**Prompt**.
Your response should consist of the data that follows, repeated in full without alteration.

**Data for the task**.
- Opening Delimiter -

Lemma sumR_approx_left s (F : X -> R -> R) (a : X -> R) v :
  (forall k eps, k \in s -> 0 < eps ->
     exists u, u < v /\ forall w, u < w -> a k - eps <= F k w) ->
  forall eps, 0 < eps ->
  exists u, u < v /\ forall w, u < w -> sumR s a - eps <= sumR s (fun k => F k w).
Proof.
elim: s => [|k s IH] approx eps eps0.
  by exists (v - 1); split=> [|w _]; rewrite ?sumR_nil; lra.
have [u1 [u1v H1]] := approx k (eps / 2) (mem_head _ _) ltac:(lra).
have [u2 [u2v H2]] : exists u, u < v /\
    forall w, u < w -> sumR s a - eps / 2 <= sumR s (fun k => F k w).
  by apply: IH; [move=> j e js; apply: approx; rewrite in_cons js orbT|lra].
exists (Rmax u1 u2); split => [|w uw]; first exact: Rmax_lub_lt.
rewrite !sumR_cons.
have := H1 w (Rle_lt_trans _ _ _ (Rmax_l _ _) uw).
have := H2 w (Rle_lt_trans _ _ _ (Rmax_r _ _) uw).
lra.
Qed.

Lemma sumR_approx_right s (F : X -> R -> R) (a : X -> R) v :
  (forall k eps, k \in s -> 0 < eps ->
     exists w, v < w /\ forall u, u < w -> F k u <= a k + eps) ->
  forall eps, 0 < eps ->
  exists w, v < w /\ forall u, u < w -> sumR s (fun k => F k u) <= sumR s a + eps.
Proof.
elim: s => [|k s IH] approx eps eps0.
  by exists (v + 1); split=> [|u _]; rewrite ?sumR_nil; lra.
have [w1 [vw1 H1]] := approx k (eps / 2) (mem_head _ _) ltac:(lra).
have [w2 [vw2 H2]] : exists w, v < w /\
    forall u, u < w -> sumR s (fun k => F k u) <= sumR s a + eps / 2.
  by apply: IH; [move=> j e js; apply: approx; rewrite in_cons js orbT|lra].
exists (Rmin w1 w2); split => [|u uw]; first exact: Rmin_glb_lt.
rewrite !sumR_cons.
have := H1 u (Rlt_le_trans _ _ _ uw (Rmin_l _ _)).
have := H2 u (Rlt_le_trans _ _ _ uw (Rmin_r _ _)).
lra.
Qed.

- Closing Delimiter -

**Response below**.
Lemma sumR_approx_left s (F : X -> R -> R) (a : X -> R) v :
  (forall k eps, k \in s -> 0 < eps ->
     exists u, u < v /\ forall w, u < w -> a k - eps <= F k w) ->
  forall eps, 0 < eps ->
  exists u, u < v /\ forall w, u < w -> sumR s a - eps <= sumR s (fun k => F k w).
Proof.
elim: s => [|k s IH] approx eps eps0.
  by exists (v - 1); split=> [|w _]; rewrite ?sumR_nil; lra.
have [u1 [u1v H1]] := approx k (eps / 2) (mem_head _ _) ltac:(lra).
have [u2 [u2v H2]] : exists u, u < v /\
    forall w, u < w -> sumR s a - eps / 2 <= sumR s (fun k => F k w).
  by apply: IH; [move=> j e js; apply: approx; rewrite in_cons js orbT|lra].
exists (Rmax u1 u2); split => [|w uw]; first exact: Rmax_lub_lt.
rewrite !sumR_cons.
have := H1 w (Rle_lt_trans _ _ _ (Rmax_l _ _) uw).
have := H2 w (Rle_lt_trans _ _ _ (Rmax_r _ _) uw).
lra.
Qed.

Lemma sumR_approx_right s (F : X -> R -> R) (a : X -> R) v :
  (forall k eps, k \in s -> 0 < eps ->
     exists w, v < w /\ forall u, u < w -> F k u <= a k + eps) ->
  forall eps, 0 < eps ->
  exists w, v < w /\ forall u, u < w -> sumR s (fun k => F k u) <= sumR s a + eps.
Proof.
elim: s => [|k s IH] approx eps eps0.
  by exists (v + 1); split=> [|u _]; rewrite ?sumR_nil; lra.
have [w1 [vw1 H1]] := approx k (eps / 2) (mem_head _ _) ltac:(lra).
have [w2 [vw2 H2]] : exists w, v < w /\
    forall u, u < w -> sumR s (fun k => F k u) <= sumR s a + eps / 2.
  by apply: IH; [move=> j e js; apply: approx; rewrite in_cons js orbT|lra].
exists (Rmin w1 w2); split => [|u uw]; first exact: Rmin_glb_lt.
rewrite !sumR_cons.
have := H1 u (Rlt_le_trans _ _ _ uw (Rmin_l _ _)).
have := H2 u (Rlt_le_trans _ _ _ uw (Rmin_r _ _)).
lra.
Qed.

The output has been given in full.